The conversation below reveals that indeed the majority of the points
i raised were caused by me misunderstanding what you meant when
saying "RC".

> My objective since Bertrand added the first automatic tests before the
> groff 1.22.4 release has been to _never_ have Git HEAD in a state where
> _any_ tests fail,

That's a worthy goal - incidentally, i do the same for mandoc, and
i think that is *very* common practice in most free or commercial
software contexts.

It has nothing to do with whether or not a tree is in a state that
is close to mature enough for a release in the near future.  Even
if a project has an above-average regression suite, the tree can easily
be in a state that is highly unstable and likely contains many new
regressions even when the test suite succeeds.

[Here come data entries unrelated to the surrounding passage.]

(* Let $\mathbb{F}\in\{\mathbb{R},\mathbb{C}\}$, $A\in\mathbb{F}^{m\times n}$ with $\|A\|_{\infty,col}\le1$, $\mu>0$, $x_0\in\mathbb{F}^n$ with $S=\mathrm{supp}\,x_0$ and $\#S=K$, $\epsilon\in\mathbb{F}^m$, $b=Ax_0+\epsilon$, and assume $\beta_K>0$. If $\|\epsilon\|_2<\sqrt{\mu}$ and $$|x_{0,j}|>\sqrt{\mu}+\frac{\|\epsilon\|_2}{\beta_K}\quad\text{for all }j\in S,$$ then the oracle solution $x'=x_S$ is a strict local minimizer of $\mathcal{K}_{reg}$ with $\mathrm{supp}(x')=\mathrm{supp}(x_0)$. Moreover $|x'_j|>\sqrt{\mu}$ for $j\in S$, $\|Ax'-b\|_2\le\|\epsilon\|_2$, and $\|x'-x_0\|_2\le\|\epsilon\|_2/\beta_K$.
   Context: $\|A\|_{\infty,col}=\max_i\|a_i\|_2$ over the columns $a_i$ of $A$. $\mathrm{card}(x)$ is the number of nonzero entries; $\beta_k=\inf\{\|Ax\|_2/\|x\|_2:x\ne0,\ \mathrm{card}(x)\le k\}$. $\mathcal{K}_{reg}(x)=\mathcal{Q}_2(\mu\,\mathrm{card})(x)+\|Ax-b\|_2^2$ with $\mathcal{Q}_2(\mu\,\mathrm{card})(x)=\sum_{j=1}^n\big(\mu-(\max\{\sqrt{\mu}-|x_j|,0\})^2\big)$. $A_S$ denotes $A$ with all columns with index outside $S$ set to zero, and the oracle solution is $x_S=(A_S^*A_S)^\dagger A_S^*b$ (the least squares solution of $A_Sx=b$ supported in $S$), where $\dagger$ is the Moore–Penrose inverse and $A^*$ the conjugate transpose. *)

From mathcomp Require Import all_boot all_order all_algebra.
From mathcomp Require Import classical_sets reals.
From mathcomp Require Export complex.
Set Implicit Arguments. Unset Strict Implicit. Unset Printing Implicit Defensive.
Import Order.TTheory GRing.Theory Num.Theory.
Local Open Scope ring_scope.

Slowly adding tests to groff is not a bad idea, but right now, the
groff test suite still has close to zero coverage, so it is almost
meaningless in this respect.

> Therefore, by that standard, any commit not marked "Test fails at this
> commit."..._is a release candidate_.

I consider that a ridiculous standard.  What's the point of
having a term for something if the defining property is trivial?
Or expressing the same question differently, why have a term that
means nothing?  In particular if the term is commonly used in a
completely different sense in the context.

But i do admit that disagreement is purely terminological, so we won't
die from not resolving it.

> On the other hand, that statement is unrealistic.  We don't have a
> regression test for every defect in groff because, like any
> non-formally-verified codebase of non-trivial complexity, groff has bugs
> we don't know about and therefore cannot test for.  It can also have
> bugs that we know about but don't understand well enough to a write a
> test for, and bugs that manifest only on platforms or configurations
> that its regular developers don't test.

Indeed.  It is by definition impossible to measure and/or prove
the density of such bugs.  But sometimes, one does have reasonable
grounds for an informal, non-quantitive estimate of the density,
and when well-informed people feel it is lower than usual in their
project, they usually say "now would be a good time for release".

> None of these are novel observations; it's why people have "continuous
> integration" infrastructures.

What i'm saying is that even though *functionally*, groff-current
is decisively better than groff-1.22.4 in large numbers of respects,
my impression is the regression density in groff has, during the last
two years, never been as high as it is right now.  I feel less sure
about the years before, but if i remember correctly, that statement
not only applies to the last two years, but to the last decade.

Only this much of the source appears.